The Jones Powell Antoine Home was build in 1905. It has the round copper dormer on Downing Street. Bob and Charlotte Sanders kept roomers here in the 1920s, Herrington said.
“She was a strict Methodist. One of the girls brought a gun from home and when asked, said the girls didn’t feel safe because the front door wasn’t locked at night, and they’d heard footsteps on the stairs. Mrs. Sanders assured the girls the door was always locked,” Herrington said. “The next morning, a little investigation turned out to be squirrels, not a ghost, or intruder, making the noise.”
The white two-story on the corner of College and Downing was originally a one-story boarding house where some members of the Dawes Commission stayed, and meetings were held. Drs. John and Tom Allison put the second story on. Judge and Paula Burris lived here a while, Herrington added.

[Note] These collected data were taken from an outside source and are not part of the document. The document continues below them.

(* Let $G=(V,E,\omega)\in\mathbb{G}_\pi$. Then for any nonempty $\mathcal{V}\subseteq V$, every sequence of reductions on $G$ with final vertex set $\mathcal{V}$ reduces $G$ to one and the same graph $\mathcal{R}_{\mathcal{V}}[G]=(\mathcal{V},\mathcal{E},\mu)$. Moreover, at least one such sequence of reductions always exists.
   Context: Let $\mathbb{W}$ be the field of rational functions $p(\lambda)/q(\lambda)$ in a complex variable $\lambda$, $p,q\in\mathbb{C}[\lambda]$, $q\neq0$; for $w=p/q$ put $\pi(w)=\deg p-\deg q$ (the zero function counts as $\pi\le0$). A graph $G=(V,E,\omega)$ is a finite directed graph, vertex set $V=\{v_1,\dots,v_n\}$, edges $E$ (loops allowed, at most one edge $e_{ij}$ from $v_i$ to $v_j$), weights $\omega:E\to\mathbb{W}\setminus\{0\}$, $\omega(e_{ij})=0$ if no such edge, $M(G)_{ij}=\omega(e_{ij})$. $\mathbb{G}_\pi$ is the set of graphs with $\pi(M(G)_{ij})\le0$ for all entries. $\bar S=V\setminus S$; $\ell(G)$ is $G$ without loops; $G|_U$ is an induced subgraph. A path is a sequence of distinct vertices $u_1,\dots,u_m$ ($m\ge2$) with edges $u_k\to u_{k+1}$; a cycle is the same with $u_1=u_m$, $u_1,\dots,u_{m-1}$ distinct; $u_2,\dots,u_{m-1}$ are interior. A nonempty $S\subseteq V$ is a structural set ($S\in st(G)$) if $\ell(G)|_{\bar S}$ has no cycles and $\omega(e_{ii})\ne\lambda$ for all $v_i\in\bar S$. For $v_i,v_j\in S$, $\mathcal{B}_{ij}(G;S)$ is the set of paths or cycles from $v_i$ to $v_j$ with no interior vertex in $S$; $\mathcal{P}_\omega(u_1,\dots,u_m)=\omega(u_1u_2)\prod_{k=2}^{m-1}\frac{\omega(u_ku_{k+1})}{\lambda-\omega(u_ku_k)}$. The reduction $\mathcal{R}_S(G)$ has vertex set $S$, an edge $v_i\to v_j$ iff $\mathcal{B}_{ij}(G;S)\ne\emptyset$, of weight $\sum_{\beta\in\mathcal{B}_{ij}(G;S)}\mathcal{P}_\omega(\beta)$. Sets $S_m\subseteq\dots\subseteq S_1\subseteq V$ induce a sequence of reductions on $G$ with final vertex set $S_m$ if $S_1\in st(G)$ and, with $\mathcal{R}_1(G)=\mathcal{R}_{S_1}(G)$, $S_{i+1}\in st(\mathcal{R}_i(G))$ and $\mathcal{R}_{i+1}(G)=\mathcal{R}_{S_{i+1}}(\mathcal{R}_i(G))$ for $1\le i\le m-1$; the result is $\mathcal{R}_m(G)$. *)

From HB Require Import structures.
From mathcomp Require Import all_boot all_order all_algebra.
From mathcomp Require Import complex.
From mathcomp Require Import Rstruct.
Set Implicit Arguments. Unset Strict Implicit. Unset Printing Implicit Defensive.
Import Order.TTheory GRing.Theory Num.Theory.
Local Open Scope ring_scope.

Definition Cx := complex Rdefinitions.R.

Definition W := {fraction {poly Cx}}.

Definition lam : W := tofrac 'X.

(* pi(w) <= 0 : w = p/q with deg p - deg q <= 0 (size = deg + 1; the zero
   function is written 0/1, so it satisfies this, as in the paper). Since
   deg p - deg q does not depend on the chosen representation of w != 0,
   this is exactly "pi(w) <= 0". *)
Definition pi_nonpos (w : W) : Prop :=
  exists p q : {poly Cx}, [/\ q != 0, w = tofrac p / tofrac q & (size p <= size q)%N].

(* A weighted directed graph whose vertices are among v_0,...,v_{n-1} ('I_n).
   gV = vertex set, gE = edge set (ordered pairs, loops allowed, at most one
   edge i -> j), gw = weights, with gw e = 0 when e is not an edge (the matrix
   M(G)). *)
Record graph (n : nat) := Graph {
  gV : {set 'I_n};
  gE : {set 'I_n * 'I_n};
  gw : {ffun 'I_n * 'I_n -> W} }.
(* Under Assumption A(b),(c) in setting (E), let $\omega\in(0,1]$, set $\widetilde S^{-1}:=Gx^0$ and for $k\ge0$ $$\widetilde S^k:=(1-\omega)\big[\widetilde S^{k-1}+2G_{\mathcal B_k}x^k-3G_{\mathcal B_k}x^{k-1}+G_{\mathcal B_k}x^{k-2}\big]+\omega\,\overline S^k_{\hat{\mathcal B}_k},$$ where $\mathcal B_k$ is a fresh i.i.d. mini-batch of size $b$, $\hat{\mathcal B}_k$ a fresh i.i.d. mini-batch of size $\hat b$ (possibly overlapping with $\mathcal B_k$), and $\overline S^k_{\hat{\mathcal B}_k}$ is built from $\hat{\mathcal B}_k$ with $\mathbb E_{\hat{\mathcal B}_k}[\overline S^k_{\hat{\mathcal B}_k}]=S^k$ and $\sigma_k^2:=\mathbb E_{\hat{\mathcal B}_k}\|\overline S^k_{\hat{\mathcal B}_k}-S^k\|^2$. Then $\widetilde S^k$ belongs to class (B) with $\Delta_k:=\|\widetilde S^k-S^k\|^2$, $\tau=\omega$, $\kappa=\omega(2-\omega)$, $\Theta=\frac{8C(1-\omega)^2L^2}{b}$, $\hat\Theta=\frac{2C(1-\omega)^2L^2}{b}$, $\delta_k=C\omega^2\sigma_k^2$, where $C=1$ if $\mathcal B_k$ and $\hat{\mathcal B}_k$ are independent and $C=2$ otherwise.
   Context: Setting: $G:\mathbb{R}^p\to\mathbb{R}^p$, $T:\mathbb{R}^p\rightrightarrows\mathbb{R}^p$, $\Phi:=G+T$, $J_{\eta T}:=(\mathbb{I}+\eta T)^{-1}$. (E): $Gx=\mathbb{E}_{\zeta\sim\mathbb P}[\mathbf G(x,\zeta)]$. $G_{\mathcal B}x:=\frac1{|\mathcal B|}\sum_{\zeta\in\mathcal B}\mathbf G(x,\zeta)$; i.i.d. mini-batches are samples drawn i.i.d. from $\mathbb P$ independently of the past. Assumption A: (b) $\mathbb{E}_\zeta\|\mathbf G(x,\zeta)-Gx\|^2\le\sigma^2$; (c) $\mathbb{E}_\zeta\|\mathbf G(x,\zeta)-\mathbf G(y,\zeta)\|^2\le L^2\|x-y\|^2$. Scheme (VrFRBS): stepsize $\eta>0$, $x^0$, $x^{-2}=x^{-1}=x^0$, $\xi^0\in Tx^0$; for $k\ge0$: $S^k:=2Gx^k-Gx^{k-1}$, estimator $\widetilde S^k$, $x^{k+1}\in J_{\eta T}(x^k-\eta\widetilde S^k)$, $\xi^{k+1}:=\eta^{-1}(x^k-\eta\widetilde S^k-x^{k+1})\in Tx^{k+1}$; $e^k:=\widetilde S^k-S^k$. $\mathcal F_k$: $\sigma$-algebra of all randomness up to iteration $k$; $\mathbb E_k[\cdot]:=\mathbb E[\cdot\mid\mathcal F_k]$. Class (B): there exist nonnegative random variables $\Delta_k$ ($\Delta_{-1}:=0$), $\tau,\kappa\in(0,1]$, $\Theta,\hat\Theta\ge0$, nonnegative $\{\delta_k\}$ such that with $e^{-1}:=0$, a.s. for all $k\ge0$: $\mathbb E_k[e^k]=(1-\tau)e^{k-1}$; $\mathbb E_k\|e^k\|^2\le\mathbb E_k[\Delta_k]$; $\mathbb E_k[\Delta_k]\le(1-\kappa)\Delta_{k-1}+\Theta\|x^k-x^{k-1}\|^2+\hat\Theta\|x^{k-1}-x^{k-2}\|^2+\delta_k$. *)

From HB Require Import structures.
From mathcomp Require Import all_boot all_order all_algebra.
From mathcomp Require Import all_classical all_reals all_analysis.

Set Implicit Arguments.
Unset Strict Implicit.
Unset Printing Implicit Defensive.

Import Order.TTheory GRing.Theory Num.Theory.
Local Open Scope classical_set_scope.
Local Open Scope ring_scope.

Definition sqnorm (R : realType) (p : nat) (v : 'rV[R]_p) : R :=
  \sum_(i < p) (v ord0 i) ^+ 2.

Definition GB (R : realType) (p : nat) (Z : Type) (b : nat)
  (Gs : 'rV[R]_p -> Z -> 'rV[R]_p) (B : 'I_b -> Z) (x : 'rV[R]_p) : 'rV[R]_p :=
  (b%:R)^-1 *: \sum_(j < b) Gs x (B j).

(** membership y \in J_{eta T}(z) = (I + eta T)^{-1}(z) *)
Definition in_resolvent (R : realType) (p : nat) (eta : R)
  (T : 'rV[R]_p -> set 'rV[R]_p) (z y : 'rV[R]_p) : Prop :=
  exists t, T y t /\ z = y + eta *: t.

(** zeta : 'I_n -> W -> Z is an i.i.d. sample of size n with law P under Q:
    every sample is measurable and the joint law of (zeta_0,..,zeta_{n-1})
    is the product law P^{(x) n} (equality on measurable rectangles). *)
Definition iid_batch (R : realType) (dW dZ : measure_display)
  (W : measurableType dW) (Z : measurableType dZ)
  (Q : probability W R) (P : probability Z R) (n : nat)
  (zeta : 'I_n -> W -> Z) : Prop :=
  (forall j, measurable_fun setT (zeta j)) /\
  forall A : 'I_n -> set Z, (forall j, measurable (A j)) ->
    Q (\bigcap_(j in [set: 'I_n]) (zeta j @^-1` A j)) = (\prod_(j < n) P (A j))%E.

Definition gen_sigma (dZ : measure_display) (W : Type) (Z : measurableType dZ)
  (n : nat) (zeta : 'I_n -> W -> Z) : set (set W) :=
  <<s \bigcup_(j in [set: 'I_n]) preimage_set_system setT (zeta j) measurable >>.

Definition measurable_wrt (R : realType) (W : Type) (F : set (set W)) (f : W -> R)
  : Prop :=
  forall V : set R, measurable V -> F (f @^-1` V).

Definition indep_sigma (R : realType) (dW : measure_display) (W : measurableType dW)
  (Q : probability W R) (F1 F2 : set (set W)) : Prop :=
  forall A B, F1 A -> F2 B -> Q (A `&` B) = (Q A * Q B)%E.

(* Histories: a run is a sequence h : nat -> W of fresh randomness,    *)
(* h k being the randomness drawn at iteration k (batches B_k, ^B_k).  *)
(* F_k = sigma(h 0, ..., h (k-1)).                                      *)

(** f is F_k-measurable, i.e. depends only on h 0, ..., h (k-1) *)
Definition adapted_at (W T : Type) (k : nat) (f : (nat -> W) -> T) : Prop :=
  forall h h', (forall j, (j < k)%N -> h j = h' j) -> f h = f h'.

Definition upd (W : Type) (h : nat -> W) (k : nat) (w : W) : nat -> W :=
  fun j => if j == k then w else h j.

(** E_k for real random variables: integrate the fresh randomness of
    iteration k (law Q, independent of F_k) with the past frozen. *)
Definition Ek (R : realType) (dW : measure_display) (W : measurableType dW)
  (Q : probability W R) (k : nat) (Y : (nat -> W) -> R) (h : nat -> W) : R :=
  Rintegral Q setT (fun w => Y (upd h k w)).

Definition Ek_nn (R : realType) (dW : measure_display) (W : measurableType dW)
  (Q : probability W R) (k : nat) (Y : (nat -> W) -> R) (h : nat -> W) : \bar R :=
  (\int[Q]_w (Y (upd h k w))%:E)%E.

(* x k = x^k; x (k.-1) = x^{k-1} and x (k.-2) = x^{k-2} with the       *)
(* convention x^{-1} = x^{-2} = x^0 (truncated subtraction on nat).    *)

Definition Sk (R : realType) (p : nat) (W : Type) (G : 'rV[R]_p -> 'rV[R]_p)
  (x : nat -> (nat -> W) -> 'rV[R]_p) (k : nat) (h : nat -> W) : 'rV[R]_p :=
  2%:R *: G (x k h) - G (x k.-1 h).

(** ~S^k, with ~S^{-1} = G x^0 and
    ~S^k = (1-om)[~S^{k-1} + 2 G_{B_k} x^k - 3 G_{B_k} x^{k-1} + G_{B_k} x^{k-2}]
           + om Sbar^k,
    where B_k = zeta (h k) and Sbar k h = Sbar^k_{^B_k}. *)
Fixpoint Stil (R : realType) (p : nat) (dZ : measure_display) (W : Type)
  (Z : measurableType dZ) (b : nat)
  (Gs : 'rV[R]_p -> Z -> 'rV[R]_p) (G : 'rV[R]_p -> 'rV[R]_p)
  (om : R) (zeta : 'I_b -> W -> Z) (Sbar : nat -> (nat -> W) -> 'rV[R]_p)
  (x : nat -> (nat -> W) -> 'rV[R]_p) (k : nat) (h : nat -> W) : 'rV[R]_p :=
  let prev := match k with
              | 0 => G (x 0%N h)
              | k'.+1 => Stil Gs G om zeta Sbar x k' h
              end in
  let B := fun j => zeta j (h k) in
  (1 - om) *: (prev + 2%:R *: GB Gs B (x k h) - 3%:R *: GB Gs B (x k.-1 h)
               + GB Gs B (x k.-2 h))
  + om *: Sbar k h.

From HB Require Import structures.
From mathcomp Require Import all_boot all_order all_algebra.
From mathcomp Require Import all_classical all_reals all_analysis.
From mathcomp Require Import measurable_realfun.
From mathcomp Require Import ring lra.
Import Order.TTheory GRing.Theory Num.Theory.
Local Open Scope classical_set_scope.
Local Open Scope ring_scope.

(* Given the past, the fresh error splits as e^k = (1 - w) e^{k-1} + X + Y,
   where X = (1 - w)/b sum_{z in B_k} psi(z) is a sum of i.i.d. centred terms
     psi(z) = 2 (G(x^k, z) - G x^k) - 3 (G(x^{k-1}, z) - G x^{k-1})
              + (G(x^{k-2}, z) - G x^{k-2})
   and Y = w (Sbar^k - S^k) is centred too; taking E_k gives E_k e^k = (1 - w) e^{k-1}.
   For the second moment, E_k |c + X + Y|^2 <= |c|^2 + C (E_k |X|^2 + E_k |Y|^2):
   the cross term vanishes when B_k and ^B_k are independent (C = 1) and is
   absorbed by Young's inequality otherwise (C = 2).  Independence of the samples
   kills the off-diagonal terms of E_k |X|^2, and writing psi = 2 (A - E A) - (B - E B)
   with A, B increments of G(., z) gives E psi^2 <= 8 E A^2 + 2 E B^2, which A(c)
   bounds by L^2 (8 |x^k - x^{k-1}|^2 + 2 |x^{k-1} - x^{k-2}|^2).  Finally
   (1 - w)^2 = 1 - w (2 - w). *)

Section independent_product.
Local Open Scope ereal_scope.
Context {d} {W : measurableType d} {R : realType} {Q : probability W R}.
Context {f g : W -> R}.
Hypotheses (mf : measurable_fun setT f) (mg : measurable_fun setT g).
Hypothesis fg_indep : forall A B : set R, measurable A -> measurable B ->
  Q (f @^-1` A `&` g @^-1` B) = Q (f @^-1` A) * Q (g @^-1` B).
Hypotheses (intf : Q.-integrable setT (EFin \o f))
           (intg : Q.-integrable setT (EFin \o g)).

Let Fm : {mfun W >-> R} := HB.pack f (isMeasurableFun.Build _ _ _ _ f mf).
Let Gm : {mfun W >-> R} := HB.pack g (isMeasurableFun.Build _ _ _ _ g mg).
Let H := fun w => (f w, g w).
Let mH : measurable_fun setT H := measurable_fun_pair mf mg.
Let Hm : {mfun W >-> (R * R)%type} := HB.pack H (isMeasurableFun.Build _ _ _ _ H mH).
Let muf := distribution Q Fm.
Let mug := distribution Q Gm.
Let muH := distribution Q Hm.

Let joint_law_prod X : measurable X -> (muf \x mug) X = muH X.
Proof.
apply: product_measure_unique => A B mA mB.
by rewrite /muH /muf /mug /distribution /pushforward /= -fg_indep.
Qed.

Let phi2 := fun z : (R * R)%type => (z.1 * z.2)%R.
Let phi := EFin \o phi2.
Let mphi : measurable_fun setT phi.
Proof.
apply/measurable_EFinP; apply: measurable_funM;
  [exact: measurable_fst | exact: measurable_snd].
Qed.

Let integrable_law (F : {mfun W >-> R}) : Q.-integrable setT (EFin \o F) ->
  (distribution Q F).-integrable setT EFin.
Proof.
move=> /integrableP[_ hF]; apply/integrableP; split.
  by apply/measurable_EFinP; exact: measurable_id.
have mab : measurable_fun [set: R] (fun x : R => `|x%:E|) by apply: measurableT_comp.
by rewrite (ge0_integral_distribution F mab).
Qed.
Lemma weq_twist u v : u ≡ v -> twist u =1 twist v.
Proof. by move=> H k; rewrite /twist (weq_sact H). Qed.

Lemma act_cat u v k : act (u ++ v) k = act u (act v k).
Proof. exact: foldr_cat. Qed.

Lemma act_revK w : cancel (act w) (act (rev w)).
Proof. by move=> k; have := sact_revK w (k, false); rewrite !sactE => -[]. Qed.

Lemma act_revKV w : cancel (act (rev w)) (act w).
Proof. by have := act_revK (rev w); rewrite revK. Qed.

Lemma act_inj w : injective (act w).
Proof. exact: can_inj (act_revK w). Qed.

Lemma act_range m w k : valid m w -> 1 <= k <= m -> 1 <= act w k <= m.
Proof.
elim: w => //= [[[i|i|j] f]] w IH //= /andP [Hg Hw] Hk; try exact: IH.
by apply: swap_range => //; apply: IH.
Qed.

Lemma gamma_invo j w : 1 <= j <= n -> gm j :: gm j :: w ≡ w.
Proof. by move=> H; have := weq_rel_head w (r_inv_g H). Qed.

Lemma gamma_comm i j w : 1 <= i <= n -> 1 <= j <= n ->
  gm i :: gm j :: w ≡ gm j :: gm i :: w.
Proof. by move=> Hi Hj; have := weq_rel_head w (r_comm_g Hi Hj). Qed.

Lemma gamma_letter j f w : 1 <= j <= n -> (Gam j, f) :: w ≡ gm j :: w.
Proof.
case: f => // H; rewrite -{1}(gamma_invo w H).
exact: weq_free_head (Gam j) true (gm j :: w).
Qed.

Definition gamma_wordb (a : word) : bool :=
  all (fun l => if l.1 is Gam j then 1 <= j <= n else false) a.

Lemma gamma_wordP a : reflect (gamma_word n a) (gamma_wordb a).
Proof.
suff -> : gamma_wordb a = valid n a && all (fun l => if l.1 is Gam _ then true else false) a.
  exact: andP.
by rewrite -all_predI; apply: eq_all => -[[i|i|j] f] /=; rewrite ?andbT ?andbF.
Qed.

Lemma gamma_wordb_cat a b : gamma_wordb (a ++ b) = gamma_wordb a && gamma_wordb b.
Proof. exact: all_cat. Qed.

Lemma gamma_wordb_winv a : gamma_wordb (winv a) = gamma_wordb a.
Proof. by rewrite /gamma_wordb /winv all_rev all_map. Qed.

Lemma gamma_comm_word a j w : gamma_wordb a -> 1 <= j <= n ->
  gm j :: a ++ w ≡ a ++ gm j :: w.
Proof.
move=> Ha Hj; elim: a Ha => //= [[[i|i|k] f]] a IH //= /andP [Hk Ha].
by rewrite gamma_letter // gamma_comm // IH // -gamma_letter.
Qed.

In 1888, the Methodists established a church where the Church of Christ is now, across from Sequoyah Elementary. It was rebuilt from its Park Hill location exactly like it was, but without a slave gallery, Herrington said.
On Shawnee Street, Karen Coody Cooper welcomed the group into the home she and husband Jim Roaix share, originally built by drugstore owner Jeptha Crew. It features period architecture and showcases their collections of baskets, Frankoma pottery and antiques.
“It’s pretty original to the way it was built,” Cooper said. “I like the high ceilings. It makes the rooms feel like they have a lot of space. And I love the front porch.”
Grace Sweeney, who moved to Tahlequah in 2006, thinks the tours are a fun way to enjoy time with friends.